The parcels contain goods - phones, electronics, clothing - bought with stolen payment details. By forwarding them, usually overseas, you break the trail between the criminal and the merchandise. You are the visible local address that takes the risk while the organisers stay hidden.
Why it works and who is targeted
The offer targets people looking for flexible, work-from-home income: students, carers, the recently unemployed, and newcomers to a country. It is dressed in professional language with contracts, dashboards, and an onboarding process that make it feel like a real company.
It works because nothing seems to leave your bank account - you are receiving and sending, not paying - so the risk is hidden.
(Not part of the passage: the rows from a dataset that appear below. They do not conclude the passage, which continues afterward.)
(* Let $G=(V,E)$ be an $n$-vertex graph, $q>0$ an integer, $0<\alpha\le1$, and suppose $n\ge q c_q/\alpha^2$, where $c_q=\sum_{i=0}^{q}q^i$. Let $u,v$ be two vertices chosen uniformly at random from $V$, and let $H_u$ and $H_v$ be the subgraphs visited by two (independent) $q$-random BFS starting at $u$ and $v$, respectively. Then with probability at least $1-2\alpha q c_q$, no edge is contained in both $H_u$ and $H_v$.
   Context: $q$-random BFS ($q$-RBFS) from a vertex $v$ in the random neighbor model (where a random neighbor query for $u$ returns a uniformly random neighbor of $u$): initialize a queue $Q=(v)$, level $\ell[v]=0$ (all others $\infty$), and $H=(\{v\},\emptyset)$ rooted at $v$; while $Q$ is nonempty, pop $u$ and make $q$ independent random neighbor queries for $u$ obtaining $s_{u,1},\dots,s_{u,q}$; for each $i$ add $s_{u,i}$ and the edge $\{u,s_{u,i}\}$ to $H$, and if $\ell[u]<q-1$ and $\ell[s_{u,i}]=\infty$, set $\ell[s_{u,i}]=\ell[u]+1$ and enqueue $s_{u,i}$; return $H$ (undirected, simple). *)

From mathcomp Require Import all_boot all_order all_algebra.
Set Implicit Arguments. Unset Strict Implicit. Unset Printing Implicit Defensive.
Import Order.TTheory GRing.Theory Num.Theory.

Section RBFS.
Variables (T : finType) (e : rel T) (q : nat).

Definition nbrs (x : T) : {set T} := [set y | e x y].
Definition deg (x : T) : nat := #|nbrs x|.

(* Random source of one q-RBFS run.  Since every vertex is popped (hence
   queried) at most once, the q random-neighbour answers for vertex w can be
   drawn in advance: [f w] is the tuple (s_{w,1},...,s_{w,q}).  [None] is the
   (only possible) answer for an isolated vertex. *)
Definition source := {ffun T -> q.-tuple (option T)}.

(* BFS state: queue, levels (None = infinity), edge set of H *)
Definition state := (seq T * {ffun T -> option nat} * {set {set T}})%type.

Definition step_sample (u : T) (st : state) (o : option T) : state :=
  let: (Q, lvl, E) := st in
  match o with
  | None => st
  | Some s =>
      let E' := [set u; s] |: E in
      match lvl u, lvl s with
      | Some l, None =>
          if l < q.-1 then
            (rcons Q s, [ffun x => if x == s then Some l.+1 else lvl x], E')
          else (Q, lvl, E')
      | _, _ => (Q, lvl, E')
      end
  end.

Fixpoint bfs_loop (f : source) (fuel : nat) (st : state) : {set {set T}} :=
  match fuel with
  | 0 => st.2
  | k.+1 =>
      let: (Q, lvl, E) := st in
      match Q with
      | [::] => E
      | u :: Q' => bfs_loop f k (foldl (step_sample u) (Q', lvl, E) (tval (f u)))
      end
  end.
The cost lands later, when the promised salary never comes and when banks, couriers, or police trace the stolen goods back to your name and address.
Red flags in detail
Any job whose core task is receiving parcels and reshipping them, especially to addresses abroad, should be treated as a reshipping scam. Watch for prepaid labels sent to you, instructions to remove or replace existing labels and invoices, and pressure to forward items quickly.
Payment held back until after a trial period, a salary that depends on processing a quota of packages, and a company you cannot verify with a real registration or address are all strong signs. Legitimate logistics employers do not run operations out of your home letterbox.
What to do and how to stay safe
Do not take any job built around receiving and forwarding parcels, and do not reship packages for an employer you cannot fully verify. Check the company name against an official business register and search for the role wording, which often appears word for word in scam warnings.
If you have already started, stop reshipping immediately and do not send on any parcel you still hold. Keep all packages, labels, and messages, and report it to the police and to the courier - cooperating early protects you if the stolen goods are traced.